§ **Exercise goal**
Nothing other than the lines from the one containing "by exists x, y;" through the close of the entries below should be printed, each exactly.
------------------------
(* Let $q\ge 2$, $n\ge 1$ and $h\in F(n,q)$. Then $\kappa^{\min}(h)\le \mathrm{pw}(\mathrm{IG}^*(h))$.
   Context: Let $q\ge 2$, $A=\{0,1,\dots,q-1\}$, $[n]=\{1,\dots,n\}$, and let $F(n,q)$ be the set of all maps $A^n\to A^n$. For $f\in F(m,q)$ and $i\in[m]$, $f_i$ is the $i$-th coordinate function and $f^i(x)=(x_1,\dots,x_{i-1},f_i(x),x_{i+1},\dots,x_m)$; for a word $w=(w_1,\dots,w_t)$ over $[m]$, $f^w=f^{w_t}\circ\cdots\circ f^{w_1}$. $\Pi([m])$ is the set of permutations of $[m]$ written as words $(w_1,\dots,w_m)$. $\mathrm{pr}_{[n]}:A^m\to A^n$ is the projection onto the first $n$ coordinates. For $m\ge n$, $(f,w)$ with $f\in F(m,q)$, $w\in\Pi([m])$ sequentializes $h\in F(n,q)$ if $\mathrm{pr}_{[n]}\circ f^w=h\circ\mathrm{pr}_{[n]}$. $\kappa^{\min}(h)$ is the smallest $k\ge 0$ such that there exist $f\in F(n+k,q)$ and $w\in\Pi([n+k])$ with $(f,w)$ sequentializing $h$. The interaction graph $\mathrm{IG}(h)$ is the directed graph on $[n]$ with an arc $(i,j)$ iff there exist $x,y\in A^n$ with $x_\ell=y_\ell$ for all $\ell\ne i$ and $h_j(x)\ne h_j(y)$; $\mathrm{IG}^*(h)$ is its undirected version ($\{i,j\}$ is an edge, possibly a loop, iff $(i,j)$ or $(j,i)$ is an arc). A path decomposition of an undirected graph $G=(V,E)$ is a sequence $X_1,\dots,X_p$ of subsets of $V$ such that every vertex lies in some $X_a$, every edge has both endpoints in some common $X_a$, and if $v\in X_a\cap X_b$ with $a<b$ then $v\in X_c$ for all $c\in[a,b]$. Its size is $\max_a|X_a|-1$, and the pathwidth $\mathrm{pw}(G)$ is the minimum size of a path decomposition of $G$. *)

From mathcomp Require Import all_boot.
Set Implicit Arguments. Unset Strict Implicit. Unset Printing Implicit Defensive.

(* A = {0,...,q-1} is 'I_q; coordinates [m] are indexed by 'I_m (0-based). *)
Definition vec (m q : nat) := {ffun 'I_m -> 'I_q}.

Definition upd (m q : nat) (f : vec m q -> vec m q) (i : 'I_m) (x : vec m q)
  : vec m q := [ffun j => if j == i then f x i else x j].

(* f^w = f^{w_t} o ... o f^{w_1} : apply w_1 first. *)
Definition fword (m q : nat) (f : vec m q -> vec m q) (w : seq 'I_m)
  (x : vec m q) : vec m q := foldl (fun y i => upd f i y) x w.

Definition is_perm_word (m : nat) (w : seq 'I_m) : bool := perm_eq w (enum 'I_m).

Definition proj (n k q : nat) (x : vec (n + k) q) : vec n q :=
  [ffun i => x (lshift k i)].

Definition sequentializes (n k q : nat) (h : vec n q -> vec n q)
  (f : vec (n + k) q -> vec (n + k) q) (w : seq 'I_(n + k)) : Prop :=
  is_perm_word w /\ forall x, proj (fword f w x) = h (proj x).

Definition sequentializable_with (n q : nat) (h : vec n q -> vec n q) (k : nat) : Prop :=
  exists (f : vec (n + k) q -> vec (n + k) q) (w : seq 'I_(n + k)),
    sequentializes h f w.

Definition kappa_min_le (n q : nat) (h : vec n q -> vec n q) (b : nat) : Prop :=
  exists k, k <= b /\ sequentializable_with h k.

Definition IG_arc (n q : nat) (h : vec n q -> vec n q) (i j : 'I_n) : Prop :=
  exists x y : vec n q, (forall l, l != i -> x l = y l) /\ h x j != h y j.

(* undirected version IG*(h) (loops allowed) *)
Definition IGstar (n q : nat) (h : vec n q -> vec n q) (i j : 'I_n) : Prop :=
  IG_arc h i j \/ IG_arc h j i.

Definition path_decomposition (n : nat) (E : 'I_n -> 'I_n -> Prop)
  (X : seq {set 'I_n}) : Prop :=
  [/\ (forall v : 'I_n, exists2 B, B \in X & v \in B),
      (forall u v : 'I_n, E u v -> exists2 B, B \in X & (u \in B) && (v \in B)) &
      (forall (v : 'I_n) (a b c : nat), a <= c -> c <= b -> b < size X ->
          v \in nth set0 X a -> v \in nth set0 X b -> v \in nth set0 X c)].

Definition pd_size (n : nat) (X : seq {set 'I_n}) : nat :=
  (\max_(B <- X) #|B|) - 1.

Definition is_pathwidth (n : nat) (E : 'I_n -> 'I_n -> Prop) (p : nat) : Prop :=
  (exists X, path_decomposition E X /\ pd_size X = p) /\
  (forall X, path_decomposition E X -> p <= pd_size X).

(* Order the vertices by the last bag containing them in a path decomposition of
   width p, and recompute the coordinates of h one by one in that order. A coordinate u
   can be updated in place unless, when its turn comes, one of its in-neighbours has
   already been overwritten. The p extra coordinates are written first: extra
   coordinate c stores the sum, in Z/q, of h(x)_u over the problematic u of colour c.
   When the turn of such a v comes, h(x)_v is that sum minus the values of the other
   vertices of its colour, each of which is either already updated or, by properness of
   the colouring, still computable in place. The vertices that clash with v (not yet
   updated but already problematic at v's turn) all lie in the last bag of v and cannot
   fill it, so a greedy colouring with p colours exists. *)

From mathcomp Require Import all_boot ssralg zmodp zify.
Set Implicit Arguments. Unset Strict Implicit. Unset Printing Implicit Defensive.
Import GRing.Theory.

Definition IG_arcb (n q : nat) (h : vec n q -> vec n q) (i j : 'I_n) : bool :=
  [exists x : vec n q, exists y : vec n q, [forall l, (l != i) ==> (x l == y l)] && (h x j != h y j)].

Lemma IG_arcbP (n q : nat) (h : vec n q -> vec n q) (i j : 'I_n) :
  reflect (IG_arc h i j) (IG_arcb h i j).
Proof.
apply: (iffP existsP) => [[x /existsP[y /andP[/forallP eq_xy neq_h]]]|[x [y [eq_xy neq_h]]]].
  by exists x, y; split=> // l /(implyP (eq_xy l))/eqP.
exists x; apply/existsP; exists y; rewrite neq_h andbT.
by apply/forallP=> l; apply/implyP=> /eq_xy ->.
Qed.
------------------------
§ **Result of the task**
  by exists x, y; split=> // l /(implyP (eq_xy l))/eqP.
exists x; apply/existsP; exists y; rewrite neq_h andbT.
by apply/forallP=> l; apply/implyP=> /eq_xy ->.
Qed.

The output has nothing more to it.